U.E. : Leibniz s’était posé le même problème. Et pour lui, c’était le problème de l’organisation d’un savoir. Le même problème que se sont posé D’Alembert et Diderot à propos de l’Encyclopédie.

J.-C.C. : Les problèmes n’ont commencé à se poser véritablement qu’à une date récente. Une grande bibliothèque privée, au XVIIsiècle, contenait au maximum trois mille volumes.

U.E. : Tout simplement, répétons-le, parce que les livres coûtaient infiniment plus cher qu’aujourd’hui. Un manuscrit coûtait une fortune. De telle sorte qu’il était préférable parfois de le recopier à la main au lieu de l’acheter.
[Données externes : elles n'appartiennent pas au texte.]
(* F-equivalence is a special case of equivalence. *)
Lemma F_normal_form_of_normal_form {S V} (R : trs S V) :
  normal_form R -> F_normal_form R.
Proof. by move=> nf i j neq [psi [_ ruleE]]; apply: (nf i j neq); exists psi. Qed.

Definition good_rule {S : signature} {V : Type} (rho : term S V * term S V) :=
  [/\ wf_term rho.1, wf_term rho.2, forall x, rho.1 <> Var x
    & forall x, List.In x (vars rho.2) -> List.In x (vars rho.1)].

Definition trs_of_rules {S : signature} {V : finType} {n : nat}
    {rho : 'I_n -> term S V * term S V} (dist : distinct_lhs_arities rho)
    (good : forall i, good_rule (rho i)) : trs S V :=
  @TRS S V n rho (distinct_lhs_arities_inj dist)
    (fun i => let: And4 wfl wfr _ _ := good i in conj wfl wfr)
    (fun i => let: And4 _ _ nonvar _ := good i in nonvar)
    (fun i => let: And4 _ _ _ varsr := good i in varsr).

Lemma local_iso_of_rules {S V S' V'} (R : trs S V) (R' : trs S' V')
    (phi : 'I_(nrules R) -> term_iso S V S' V')
    (e : 'I_(nrules R) -> 'I_(nrules R')) :
  bijective e -> (forall i, iso_rule (phi i) (rule R i) = rule R' (e i)) ->
  local_iso R R' phi.
Proof.
move=> [e' eK e'K] ruleE rho'; split=> [[j <-]|[i <-]].
- by exists (e' j); rewrite ruleE e'K.
- by exists (e i); rewrite ruleE.
Qed.

Lemma rule_rewrites {S V} (R : trs S V) i : rewrites R (rule R i).1 (rule R i).2.
Proof. by exists i, Hole, Var; rewrite /= !subst_Var. Qed.

Lemma rstep_from_constant {F V : Type} {l r t : term F V} {c : F} :
  rstep l r (Fun c [::]) t -> l = Fun c [::] \/ exists x, l = Var x.
Proof.
move=> [[|f ls C rs] [sigma [lhsE _]]] /=; last by case: ls lhsE.
case: l lhsE => [x|f ts /= [-> argsE]]; first by right; exists x.
by left; case: ts argsE.
Qed.

Lemma constant_normal {S V} (R : trs S V) (c : S) t :
  (forall i, (rule R i).1 <> Fun c [::]) -> ~ rewrites R (Fun c [::]) t.
Proof.
move=> not_lhs [i /rstep_from_constant [|[x lhsE]]]; first exact: not_lhs.
exact: rule_lhs_nonvar lhsE.
Qed.

Fixpoint weight {F V : Type} (w : F -> nat) (t : term F V) : nat :=
  match t with
  | Var _ => 0
  | Fun f ts => w f + sumn (map (weight w) ts)
  end.

Lemma weight_fill_lt {F V : Type} (w : F -> nat) (C : ctx F V) u u' :
  weight w u' < weight w u -> weight w (fill C u') < weight w (fill C u).
Proof.
elim: C => //= f l C IH r lt_u; rewrite !map_cat !sumn_cat /=.
by have := IH lt_u; lia.
Qed.

Lemma terminating_of_measure {S V} (R : trs S V) (m : term S V -> nat) :
  (forall s t, rewrites R s t -> m t < m s) -> terminating R.
Proof.
move=> dec [seqn steps].
have bound k : m (seqn k) + k <= m (seqn 0).
  elim: k => [|k IH]; first by rewrite addn0.
  by have := dec _ _ (proj2 (steps k)); lia.
by have := bound (m (seqn 0)).+1; lia.
Qed.

Lemma two_cycle_nonterminating {S V} (R : trs S V) {s t : term S V} :
  wf_term s -> wf_term t -> rewrites R s t -> rewrites R t s -> ~ terminating R.
Proof.
move=> wf_s wf_t st ts; apply; exists (fun k => if odd k then t else s) => k /=.
by case: (odd k).
Qed.

Section Example.

Inductive sym := SymA | SymB | SymF.

Definition sym_code (x : sym) : 'I_3 :=
  match x with SymA => inord 0 | SymB => inord 1 | SymF => inord 2 end.
Definition sym_decode (i : 'I_3) : sym :=
  match val i with 0 => SymA | 1 => SymB | _ => SymF end.
Lemma sym_codeK : cancel sym_code sym_decode.
Proof. by case; rewrite /sym_decode /= inordK. Qed.
HB.instance Definition _ := Finite.copy sym (can_type sym_codeK).

Definition sym_arity (x : sym) : nat := if x is SymF then 1 else 0.
Definition Sab : signature := Signature sym sym_arity.

Definition ta : term Sab unit := Fun SymA [::].
Definition tb : term Sab unit := Fun SymB [::].
Definition app_f (u : term Sab unit) : term Sab unit := Fun SymF [:: u].

Lemma ord2_cases (i : 'I_2) : i = ord0 \/ i = ord_max.
Proof. by case: i => [[|[|n]] lt_i]; [left|right|]; try apply: val_inj. Qed.

Lemma two_rules_distinct (rho : 'I_2 -> term Sab unit * term Sab unit) :
  root_arity (rho ord0).1 = 0 -> root_arity (rho ord_max).1 = 1 ->
  distinct_lhs_arities rho.
Proof.
move=> ar0 ar1 i j.
by case: (ord2_cases i) => ->; case: (ord2_cases j) => -> //= _; rewrite ar0 ar1.
Qed.

Definition rules_R (i : 'I_2) : term Sab unit * term Sab unit :=
  if i == ord0 then (ta, app_f tb) else (app_f ta, tb).
Definition rules_R' (i : 'I_2) : term Sab unit * term Sab unit :=
  if i == ord0 then (ta, app_f tb) else (app_f tb, ta).

Lemma good_rules_R i : good_rule (rules_R i).
Proof. by case: (ord2_cases i) => ->; split=> //; repeat constructor. Qed.
Lemma good_rules_R' i : good_rule (rules_R' i).
Proof. by case: (ord2_cases i) => ->; split=> //; repeat constructor. Qed.

Definition R_ex : trs Sab unit :=
  trs_of_rules (two_rules_distinct rules_R erefl erefl) good_rules_R.
Definition R'_ex : trs Sab unit :=
  trs_of_rules (two_rules_distinct rules_R' erefl erefl) good_rules_R'.

Lemma R_ex_normal : normal_form R_ex.
Proof. exact/normal_form_of_arities/two_rules_distinct. Qed.
Lemma R'_ex_normal : normal_form R'_ex.
Proof. exact/normal_form_of_arities/two_rules_distinct. Qed.

Definition swap_ab (x : Sab) : Sab :=
  match x with SymA => SymB | SymB => SymA | SymF => SymF end.
Lemma swap_abK : involutive swap_ab.
Proof. by case. Qed.
Lemma swap_ab_arity (x : Sab) : arity (swap_ab x) = arity x.
Proof. by case: x. Qed.

Definition id_iso : term_iso Sab unit Sab unit :=
  @TermIso Sab unit Sab unit id id (Bijective (frefl id) (frefl id))
    (Bijective (frefl id) (frefl id)) (fun _ => erefl).
Definition swap_iso : term_iso Sab unit Sab unit :=
  @TermIso Sab unit Sab unit swap_ab id (Bijective swap_abK swap_abK)
    (Bijective (frefl id) (frefl id)) swap_ab_arity.

Definition phi_ex (i : 'I_(nrules R_ex)) : term_iso Sab unit Sab unit :=
  if i == ord0 then id_iso else swap_iso.

Lemma phi_ex_isoV i x : isoV (phi_ex i) x = x.
Proof. by rewrite /phi_ex; case: (_ == _). Qed.

Lemma phi_ex_V_invariant i : V_invariant (phi_ex i).
Proof. by exists erefl => x; rewrite phi_ex_isoV. Qed.

Lemma phi_ex_local_iso : local_iso R_ex R'_ex phi_ex.
Proof.
have id_bij : bijective (@id 'I_2) by exists id.
apply: (@local_iso_of_rules _ _ _ _ R_ex R'_ex phi_ex id id_bij) => i.
by case: (ord2_cases i) => ->.
Qed.

Lemma example_LE : LE_witness R_ex R'_ex phi_ex.
Proof. exact: conj R_ex_normal (conj R'_ex_normal phi_ex_local_iso). Qed.

Lemma example_LFE : LFE_witness R_ex R'_ex phi_ex.
Proof.
have [nf [nf' loc]] := example_LE.
split; last split; last split; [exact: F_normal_form_of_normal_form..|exact: loc|].
exact: phi_ex_V_invariant.
Qed.

Lemma example_SVE : SVE_witness R_ex R'_ex phi_ex.
Proof.
have [nf [nf' loc]] := example_LE.
split; last split; last split; [exact: F_normal_form_of_normal_form..|exact: loc|].
by move=> i j x; rewrite !phi_ex_isoV.
Qed.

(* b is a normal form in both systems: no left-hand side is b. *)
Lemma tb_normal_R t : ~ rewrites R_ex tb t.
Proof. by apply: constant_normal => i; case: (ord2_cases i) => ->. Qed.
Lemma tb_normal_R' t : ~ rewrites R'_ex tb t.
Proof. by apply: constant_normal => i; case: (ord2_cases i) => ->. Qed.

Lemma wf_ta : wf_term ta. Proof. by repeat constructor. Qed.
Lemma wf_tb : wf_term tb. Proof. by repeat constructor. Qed.
Lemma wf_app_f {u} : wf_term u -> wf_term (app_f u).
Proof. by constructor; repeat constructor. Qed.

(* With weights a = 2, f = 1, b = 0 both rules of R decrease; their sides are
   ground, so every instance has the same weights. *)
Definition sym_weight (x : sym) : nat :=
  match x with SymA => 2 | SymB => 0 | SymF => 1 end.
Je voudrais maintenant vous conter une histoire amusante. J’ai visité la bibliothèque de Coimbra, au Portugal. Les tables étaient recouvertes d’un drap feutré, un peu comme des tables de billard. Je demande les raisons de cette protection. On me répond que c’est pour protéger les livres de la fiente des chauves-souris. Pourquoi ne pas les éliminer ? Tout simplement parce qu’elles mangent les vers qui attaquent les livres. En même temps, le ver ne doit pas être radicalement proscrit et condamné. C’est le passage du ver à l’intérieur de l’incunable qui nous permet de savoir de quelle manière les feuillets ont été reliés, s’il n’y a pas des parties plus récentes que d’autres. Les trajectoires des vers dessinent parfois d’étranges figures qui apportent un certain cachet à des livres anciens. Dans les manuels à l’adresse des bibliophiles, nous trouvons toutes les instructions nécessaires pour nous protéger des vers. Un de ces conseils est d’employer le Zyklon B, la substance même utilisée par les nazis dans les chambres à gaz. Certes, il vaut mieux l’employer pour tuer des insectes que des hommes, mais cela fait tout de même une certaine impression.